Man is definitely not the natural product of a natural, autonomous
evolution, but God called him into existence by His divine, creative
word. A word, which was eternal as God Himself is eternal, but which was
realized in time in the appearance of man on the scene of the world. How
this realization took place, we do not know. We also believe that we
never shall know. But the idea that it happened via a gradual evolution
from the animal world (even if it is along a separate line, as most
modern scientists say; man does not derive from any of the existing
man-apes), is in our opinion not warranted by the creation account, but
rather excluded.
ALSO SCIENTIFICALLY
INCONCEIVABLE It is also
from the scientific point of view inconceivable how such an evolution
can take place. How can the uniqueness of man in any way be explained
from an animal ancestry? There may be a correspondence between man and
the higher animal in the lower structures of man's existence, but this
does by no means explain how gradually these lower structures are taken
up in higher structures. Whence do these higher structures come? For it
is these structures that determine man's being. "When we speak of the
'life of man' we do not think in the very first place about respiration,
growth of bones, about molars and jaws, but we think exactly about all
that in which man distinguishes himself from the animals" (Lever,
p.196).
But how can this "higher" develop from the "lower"? Can the unique be
explained on the basis of the non-unique? If so, the lower seems to be
creative of the higher. If not so, a special act of God seems to be
necessary, which, however, means that again a kind of special creation -
in the context of evolution - is accepted.
DOCTA IGNORANTIA It
is at this point good to listen to what Dr. H. Dooyeweerd, the well
known philosopher of the Free University, Amsterdam, writes in
connection with Dr. Lever's book. "For him who, like Lever, rejects all
mechanical evolutionism, the hypothesis of the origin of man via an
animal line can, strictly speaking, have no real scientific value,
because it does not contribute anything to the scientific answer of the
question how the TYPICALLY HUMAN structure originated" (Philosophia
Reformata, Vol. 24, p. 156). Dr. Dooyeweerd himself prefers the attitude
of what he calls 'docta ignorantia' (scholarly ignorance). "It is more
justified to rest in the insolvability of the problems" (p. 156). He
freely admits that it is better to confess your ignorance than to take
refuge in speculative hypotheses.
We believe that this is a very wise word for all Christians in general
and the Christian scientists in particular. It is a permanent temptation
for a Christian to try and combine the hypotheses of unbelieving science
with the Bible. In so far as these hypotheses are of a purely
exact-scientific nature, there is no need to be afraid from the Biblical
point of view. The Bible, being the inspired Word of God, will never be
in conflict with pure facts of purely scientific hypotheses. But it is a
different matter when these hypotheses are of a
philosophical-speculative nature. Then a Christian has to be on his
guard and should, adhering to the clear teaching of the Bible, profess
his ignorance rather than succumb to speculations, which go beyond the
Bible or even do violence to the Biblical line of thought.
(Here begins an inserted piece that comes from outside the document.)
(* The doctrine of variations $\Psi_{\mathbf{PAsm}}:\mathbf{PAsm}^{op}\to\mathbf{InfSL}$ is a weak hyperdoctrine which satisfies the Rule of Choice and the Axiom of Choice on every object, and it is arithmetic.
   Context: $\mathbf{PAsm}$ is the category of partitioned assemblies: objects $(P,T)$ with $P$ a set and $T:P\to\mathbb N$ a function; arrows $f:(P,T)\to(P',T')$ are functions $f:P\to P'$ such that for some $t$, for all $x$, $\varphi_t(T(x))$ is defined and equals $T'(f(x))$ ($\varphi_t$ the $t$-th partial recursive function). It has finite limits, finite coproducts, weak exponentials and the parameterized natural number object $(\mathbb N,\mathrm{id})$. For a category $\mathcal C$ with finite products and weak pullbacks, $\Psi_{\mathcal C}$ sends $A$ to the poset reflection of the slice $\mathcal C/A$ and acts on arrows by weak pullback. An elementary doctrine on a category $\mathcal C$ with finite products is a functor $P:\mathcal C^{op}\to\mathbf{InfSL}$ with, for each $A$, $\delta_A\in P(A\times A)$ such that $\alpha\mapsto P_{\langle pr_1,pr_2\rangle}(\alpha)\wedge P_{\langle pr_2,pr_3\rangle}(\delta_A)$ is left adjoint to $P_{\langle pr_1,pr_2,pr_2\rangle}:P(X\times A\times A)\to P(X\times A)$ for all $X$. A weak hyperdoctrine is an elementary doctrine such that $\mathcal C$ is weakly cartesian closed (weak exponentials $W$ with weak evaluation $ev:W\times A\to B$ through which every $C\times A\to B$ factors as $ev\circ(g\times\mathrm{id})$ for some not necessarily unique $g$), each fibre is a Heyting algebra and each reindexing a Heyting homomorphism, and each $P_{pr_1}$ for a projection $pr_1:A\times B\to A$ has left and right adjoints $\exists,\forall$ satisfying the Beck–Chevalley condition with respect to reindexing along $f\times\mathrm{id}_B$. A relation $R\in P(A\times B)$ is entire if $a:A\mid\top\vdash\exists b.R(a,b)$. The Rule of Choice holds if for every entire $R$ there is an arrow $f:A\to B$ with $a:A\mid\top\vdash R(a,f(a))$. The Axiom of Choice holds on $A$ if for every $B$ and every $R\in P(A\times B)$: $\forall a:A.\exists b:B.R(a,b)\vdash\exists f:W.\forall a:A.R(a,ev(f,a))$ with $ev:W\times A\to B$ a weak evaluation. A parameterized natural number object $(\mathbf N,0,s)$ satisfies induction in $P$ if for all $A$ and $\phi\in P(A\times\mathbf N)$, whenever $a:A\vdash\phi(a,0)$ and $a:A,m:\mathbf N\mid\phi(a,m)\vdash\phi(a,s(m))$, then $a:A,n:\mathbf N\vdash\phi(a,n)$. A weak hyperdoctrine is arithmetic if its base has a parameterized natural number object satisfying induction in it. *)

From Stdlib Require Import Arith Cantor.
Note 1. For the purpose of the discussion of this
special point we take Genesis 2 al-so in consideration, because it also
speaks of man's creation, esp. verse 7. It is obvious that we have to do
with two different stories. We see these as belonging together, both
being the inspired Word of God about the origin of man. They are as two
pictures of the same event, but taken from a different angle.